[Material supplied — start]

(* For non-negative integers $n,p$ define \begin{multline*} h(n,p)=\frac{4p^2+2p}{n+2p+1}+4p-2+(4p^2+4np+2n+6p+2)2^{1-n}+2^{1-2p}-(4p^2+2np+2n+6p+2)2^{1-n-2p}\\ +2^{1-n-2p}\sum_{i=1}^{p} i\Big\{2\binom{n+2p+3}{n+2i+1}-\binom{n+2p+3}{n+2i+2}-(2n+4p+4)\binom{2p+3}{2i+1}\Big\}\\ +2^{2-n}\sum_{i=1}^{p}\sum_{k=2i-1}^{2p} i\,2^{-k}\Big\{\frac{n+2p}{n+2p+1}\binom{n+k+2}{n+2i+1}-\binom{n+k+2}{n+2i}+\binom{k+3}{2i+1}\Big\}\\ +2^{1-2p}\sum_{i=1}^{p}\sum_{k=1}^{n} i\,2^{-k}\Big\{\binom{k+2p+3}{k+2i+2}-\frac{2n+4p+4}{n+2p+1}\binom{k+2p+2}{k+2i+1}\Big\}. \end{multline*} Then $h(n,p)=0$ for all integers $n,p\ge0$.
   Context: $\binom{a}{b}=\frac{a!}{b!(a-b)!}$ for integers $0\le b\le a$. A sum with no terms equals $0$. *)

From HB Require Import structures.
From mathcomp Require Import all_boot all_order all_algebra.
Set Implicit Arguments. Unset Strict Implicit. Unset Printing Implicit Defensive.
Import Order.TTheory GRing.Theory Num.Theory.
Local Open Scope ring_scope.

Definition pow2 (z : int) : rat := (2%:R : rat) ^ z.

Definition binq (a b : nat) : rat := ('C(a, b))%:R.

Definition h (n p : nat) : rat :=
  let N : rat := n%:R in
  let P : rat := p%:R in
  (4 * P ^+ 2 + 2 * P) / (N + 2 * P + 1) + 4 * P - 2
  + (4 * P ^+ 2 + 4 * N * P + 2 * N + 6 * P + 2) * pow2 (1 - n%:Z)
  + pow2 (1 - (2 * p)%:Z)
  - (4 * P ^+ 2 + 2 * N * P + 2 * N + 6 * P + 2) * pow2 (1 - n%:Z - (2 * p)%:Z)
  + pow2 (1 - n%:Z - (2 * p)%:Z) *
      \sum_(1 <= i < p.+1)
        i%:R * (2 * binq (n + 2 * p + 3) (n + 2 * i + 1)
                - binq (n + 2 * p + 3) (n + 2 * i + 2)
                - (2 * N + 4 * P + 4) * binq (2 * p + 3) (2 * i + 1))
  + pow2 (2 - n%:Z) *
      \sum_(1 <= i < p.+1) \sum_(2 * i - 1 <= k < (2 * p).+1)
        i%:R * pow2 (- k%:Z) *
          ((N + 2 * P) / (N + 2 * P + 1) * binq (n + k + 2) (n + 2 * i + 1)
           - binq (n + k + 2) (n + 2 * i)
           + binq (k + 3) (2 * i + 1))
  + pow2 (1 - (2 * p)%:Z) *
      \sum_(1 <= i < p.+1) \sum_(1 <= k < n.+1)
        i%:R * pow2 (- k%:Z) *
          (binq (k + 2 * p + 3) (k + 2 * i + 2)
           - (2 * N + 4 * P + 4) / (N + 2 * P + 1) * binq (k + 2 * p + 2) (k + 2 * i + 1)).

From mathcomp Require Import all_boot all_order all_algebra.
From mathcomp Require Import ring lra zify.
Set Implicit Arguments. Unset Strict Implicit. Unset Printing Implicit Defensive.
Import Order.TTheory GRing.Theory Num.Theory.
Local Open Scope ring_scope.

(* The main tool is the tail of a row of Pascal's triangle,
   [btail R m = \sum_(d >= 0) 'C(R, m + d)].  It satisfies
   [btail R m = 'C(R, m) + btail R m.+1] and the Pascal rule
   [btail R.+1 m.+1 = btail R m.+1 + btail R m]; combining the two, sums of
   binomial coefficients weighted by [2^-k] along a column or a diagonal of
   Pascal's triangle telescope into closed forms in [btail].

   1. These closed forms evaluate the two inner sums over [k] in [h].
   2. A second use of the Pascal rule turns the [i]-th summands of the three
      sums of [h] into [i] times a fixed combination of 'C(2p+3, 2i+1),
      'C(2p+3, 2i+2) and [btail (2p+3) (2i+2)].
   3. The three resulting sums over [i] are computed by pairing the indices
      [d = 2l] and [d = 2l+1] of row [2p+3], which reduces them to the
      moments [\sum_d d^j 'C(Q, d)] (j <= 2) and the alternating moments
      [\sum_d (-1)^d d^j 'C(Q, d)] (j <= 1); the tail sum first needs an
      Abel summation.
   4. What remains is a rational-function identity in [n], [p], [2^n] and
      [2^2p], closed by [field]. *)

Lemma sum_from_diff (V : zmodType) (f : nat -> V) a c b : (a <= c <= b)%N ->
  \sum_(c <= k < b) f k = \sum_(a <= k < b) f k - \sum_(a <= k < c) f k.
Proof. by move=> /andP[ac cb]; rewrite (big_cat_nat ac cb) /= addrC addrK. Qed.

Lemma sum_from1 (V : zmodType) (G : nat -> V) p :
  \sum_(1 <= i < p.+1) G i = \sum_(0 <= i < p.+2) G i - G 0%N - G p.+1.
Proof.
rewrite (big_nat_recr p.+1) //= (@big_ltn _ _ _ 0 p.+1) //=.
by rewrite [_ - G 0%N]addrAC addrK [G 0%N + _]addrC addrK.
Qed.

Lemma sum_from1_shift (V : zmodType) (G H : nat -> V) p :
  (forall l, H l.+2 = G l.+1) ->
  \sum_(1 <= i < p.+1) G i = \sum_(0 <= l < p.+2) H l - H 0%N - H 1%N.
Proof.
move=> HG; rewrite big_add1 /= [in RHS]big_nat_recl // [in RHS]big_nat_recl //.
under [in RHS]eq_bigr => l _ do rewrite HG.
by rewrite [H 0%N + _]addrC addrK [H 1%N + _]addrC addrK.
Qed.

Lemma sum_by_pairs (V : nmodType) (F H : nat -> V) m :
  (forall l, F (2 * l)%N + F (2 * l).+1 = H l) ->
  \sum_(0 <= l < m) H l = \sum_(0 <= d < 2 * m) F d.
Proof.
move=> FH; elim: m => [|m IH]; first by rewrite muln0 !big_geq.
have -> : (2 * m.+1 = (2 * m).+2)%N by lia.
by rewrite !big_nat_recr //= IH -FH addrA.
Qed.

(* Abel summation against the weights [i], whose partial sums are [i(i+1)/2]. *)
Lemma abel_summation (F : fieldType) (s : nat -> F) m : (2 : F) != 0 ->
  \sum_(1 <= i < m.+1) i%:R * s i
  = \sum_(1 <= i < m.+1) (i%:R * (i%:R + 1) / 2) * (s i - s i.+1)
    + m%:R * (m%:R + 1) / 2 * s m.+1.
Proof.
move=> two_neq0; elim: m => [|m IH]; first by rewrite !big_geq // mulr0n !mul0r add0r.
rewrite (big_nat_recr m.+1) //= IH (big_nat_recr m.+1) //= -[(m.+1)%:R]natr1.
by field.
Qed.

(* Normal forms of the powers of two occurring in [h], as products of inverses
   of natural powers of two, which [field] can handle. *)
Lemma pow2N k : pow2 (- k%:Z) = ((2 : rat) ^+ k)^-1.
Proof. by rewrite /pow2 -exprnN. Qed.

Lemma exp2_neq0 k : (2 : rat) ^+ k != 0.
Proof. by rewrite expf_neq0. Qed.

Lemma pow2_1a a : pow2 (1 - a%:Z) = 2 * (2 ^+ a)^-1.
Proof. by rewrite /pow2 expfzDr // expr1z -exprnN. Qed.

Lemma pow2_2a a : pow2 (2 - a%:Z) = 4 * (2 ^+ a)^-1.
Proof.
rewrite /pow2 -[2 - _]/(1 + 1 - a%:Z) !expfzDr // expr1z -exprnN.
by congr (_ * _); lra.
Qed.

Lemma pow2_1ab a b : pow2 (1 - a%:Z - b%:Z) = 2 * ((2 ^+ a)^-1 * (2 ^+ b)^-1).
Proof. by rewrite /pow2 !expfzDr // expr1z -!exprnN mulrA. Qed.

Lemma denom_neq0 n p : (n%:R + 2 * p%:R + 1 : rat) != 0.
Proof. apply: lt0r_neq0; have := ler0n rat n; have := ler0n rat p; lra. Qed.

Lemma binqS a b : binq a.+1 b.+1 = binq a b.+1 + binq a b.
Proof. by rewrite /binq binS natrD. Qed.

Lemma binq_small a b : (a < b)%N -> binq a b = 0.
Proof. by move=> ab; rewrite /binq bin_small. Qed.

Definition btail (R m : nat) : rat := \sum_(0 <= d < R.+1) binq R (m + d).

Lemma btail_split R m : btail R m = binq R m + btail R m.+1.
Proof.
rewrite /btail big_nat_recl // addn0 [in RHS](big_nat_recr R) //=.
rewrite [binq R (m.+1 + R)]binq_small ?addr0; last by lia.
by congr (_ + _); apply: eq_bigr => d _; rewrite addnS addSn.
Qed.

(* Pascal's rule, summed along the row. *)
Lemma btail_pascal R m : btail R.+1 m.+1 = btail R m.+1 + btail R m.
Proof.
rewrite /btail.
transitivity (\sum_(0 <= d < R.+2) (binq R (m.+1 + d) + binq R (m + d))).
  by apply: eq_bigr => d _; rewrite addSn binqS -addSn.
rewrite big_split /= !(big_nat_recr R.+1) //=.
by rewrite (@binq_small R (m.+1 + R.+1)) ?(@binq_small R (m + R.+1)) ?addr0 //; lia.
Qed.

Lemma btail_gt R m : (R < m)%N -> btail R m = 0.
Proof.
move=> Rm; rewrite /btail big1 // => d _; apply: binq_small.
exact: leq_trans Rm (leq_addr _ _).
Qed.

Lemma btail_diag R : btail R R = 1.
Proof. by rewrite btail_split btail_gt // addr0 /binq binn. Qed.

(* Forms of [btail_split] and [btail_pascal] with the indices determined up to
   arithmetic, for rewriting at indices such as [2 * i + 2]. *)
Lemma btail_splitE R m m' : m' = m.+1 -> btail R m = binq R m + btail R m'.
Proof. by move=> ->; apply: btail_split. Qed.

Lemma btail_pascalE R R' m m' : R' = R.+1 -> m' = m.+1 ->
  btail R' m' = btail R m' + btail R m.
Proof. by move=> -> ->; apply: btail_pascal. Qed.

Lemma geom_sum_column a b m :
  \sum_(0 <= k < m.+1) pow2 (- k%:Z) * binq (k + a) b
  = pow2 (- m%:Z) * btail (m + a).+1 b.+1 - 2 * btail a b.+1.
Proof.
elim: m => [|m IH].
  rewrite big_nat1 pow2N expr0 invr1 !mul1r add0n btail_pascal (btail_split a b).
  ring.
rewrite big_nat_recr //= IH !pow2N addSn.
rewrite (btail_pascal (m + a).+1 b) (btail_split (m + a).+1 b) exprS.
have pow_neq0 := exp2_neq0 m.
by field.
Qed.

Lemma geom_sum_diagonal a c m :
  \sum_(0 <= k < m.+1) pow2 (- k%:Z) * binq (k + a) (k + c)
  = 2 * btail a c - pow2 (- m%:Z) * btail (m + a).+1 (m + c).+1.
Proof.
elim: m => [|m IH].
  rewrite big_nat1 pow2N expr0 invr1 !mul1r !add0n btail_pascal (btail_split a c).
  ring.
rewrite big_nat_recr //= IH !pow2N !addSn.
rewrite (btail_pascal (m + a).+1 (m + c).+1) (btail_split (m + a).+1 (m + c).+1) exprS.
have pow_neq0 := exp2_neq0 m.
by field.
Qed.

(* Rewriting forms of the two telescoping sums, with the indices of the
   right-hand side determined up to arithmetic. *)
Lemma geom_sum_columnE a b m R B : R = (m + a).+1 -> B = b.+1 ->
  \sum_(0 <= k < m.+1) pow2 (- k%:Z) * binq (k + a) b
  = pow2 (- m%:Z) * btail R B - 2 * btail a B.
Proof. by move=> -> ->; apply: geom_sum_column. Qed.

Lemma geom_sum_diagonalE a c m R C : R = (m + a).+1 -> C = (m + c).+1 ->
  \sum_(0 <= k < m.+1) pow2 (- k%:Z) * binq (k + a) (k + c)
  = 2 * btail a c - pow2 (- m%:Z) * btail R C.
Proof. by move=> -> ->; apply: geom_sum_diagonal. Qed.

(* Inner sum of the first double sum of [h], over [2i - 1 <= k <= 2p], for an
   arbitrary coefficient [c] in place of [(n + 2p) / (n + 2p + 1)]. *)
Lemma inner_sum_to_2p n p i (c : rat) : (1 <= i <= p)%N ->
  \sum_(2 * i - 1 <= k < (2 * p).+1) i%:R * pow2 (- k%:Z) *
     (c * binq (n + k + 2) (n + 2 * i + 1) - binq (n + k + 2) (n + 2 * i)
      + binq (k + 3) (2 * i + 1))
  = i%:R * (pow2 (- (2 * p)%:Z) * (c * btail (n + 2 * p + 3) (n + 2 * i + 2)
      - btail (n + 2 * p + 3) (n + 2 * i + 1) + btail (2 * p + 4) (2 * i + 2))).
Proof.
move=> /andP[i_ge1 i_le_p].
have range : (0 <= 2 * i - 1 <= (2 * p).+1)%N by lia.
transitivity (i%:R * (
    c * \sum_(2 * i - 1 <= k < (2 * p).+1)
           pow2 (- k%:Z) * binq (k + (n + 2)) (n + 2 * i + 1)
  - \sum_(2 * i - 1 <= k < (2 * p).+1) pow2 (- k%:Z) * binq (k + (n + 2)) (n + 2 * i)
  + \sum_(2 * i - 1 <= k < (2 * p).+1) pow2 (- k%:Z) * binq (k + 3) (2 * i + 1))).
  rewrite (big_distrr c) -sumrB -big_split /= big_distrr /=.
  apply: eq_bigr => k _; rewrite [(n + k + 2)%N]addnAC addnC; ring.
rewrite !(sum_from_diff _ range).
have -> : (2 * i - 1 = (2 * i - 2).+1)%N by lia.
rewrite (@geom_sum_columnE _ _ _ (n + 2 * p + 3) (n + 2 * i + 2)); try lia.
rewrite (@geom_sum_columnE _ _ _ (n + 2 * i + 1) (n + 2 * i + 2)); try lia.
rewrite (@geom_sum_columnE _ _ _ (n + 2 * p + 3) (n + 2 * i + 1)); try lia.
rewrite (@geom_sum_columnE _ _ _ (n + 2 * i + 1) (n + 2 * i + 1)); try lia.
rewrite (@geom_sum_columnE _ _ _ (2 * p + 4) (2 * i + 2)); try lia.
rewrite (@geom_sum_columnE _ _ _ (2 * i + 2) (2 * i + 2)); try lia.
rewrite !btail_diag !(@btail_gt (n + 2 * i + 1)) ?(@btail_gt (n + 2)) ?(@btail_gt 3) //;
  try lia.
ring.
Qed.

[Material supplied — finish]

» Assigned task: Take exactly the lines from the one containing "- \sum_(2 * i" through the one containing "have -> : (2 * i" in the data above, and output them with nothing added.

» Response below:
  - \sum_(2 * i - 1 <= k < (2 * p).+1) pow2 (- k%:Z) * binq (k + (n + 2)) (n + 2 * i)
  + \sum_(2 * i - 1 <= k < (2 * p).+1) pow2 (- k%:Z) * binq (k + 3) (2 * i + 1))).
  rewrite (big_distrr c) -sumrB -big_split /= big_distrr /=.
  apply: eq_bigr => k _; rewrite [(n + k + 2)%N]addnAC addnC; ring.
rewrite !(sum_from_diff _ range).
have -> : (2 * i - 1 = (2 * i - 2).+1)%N by lia.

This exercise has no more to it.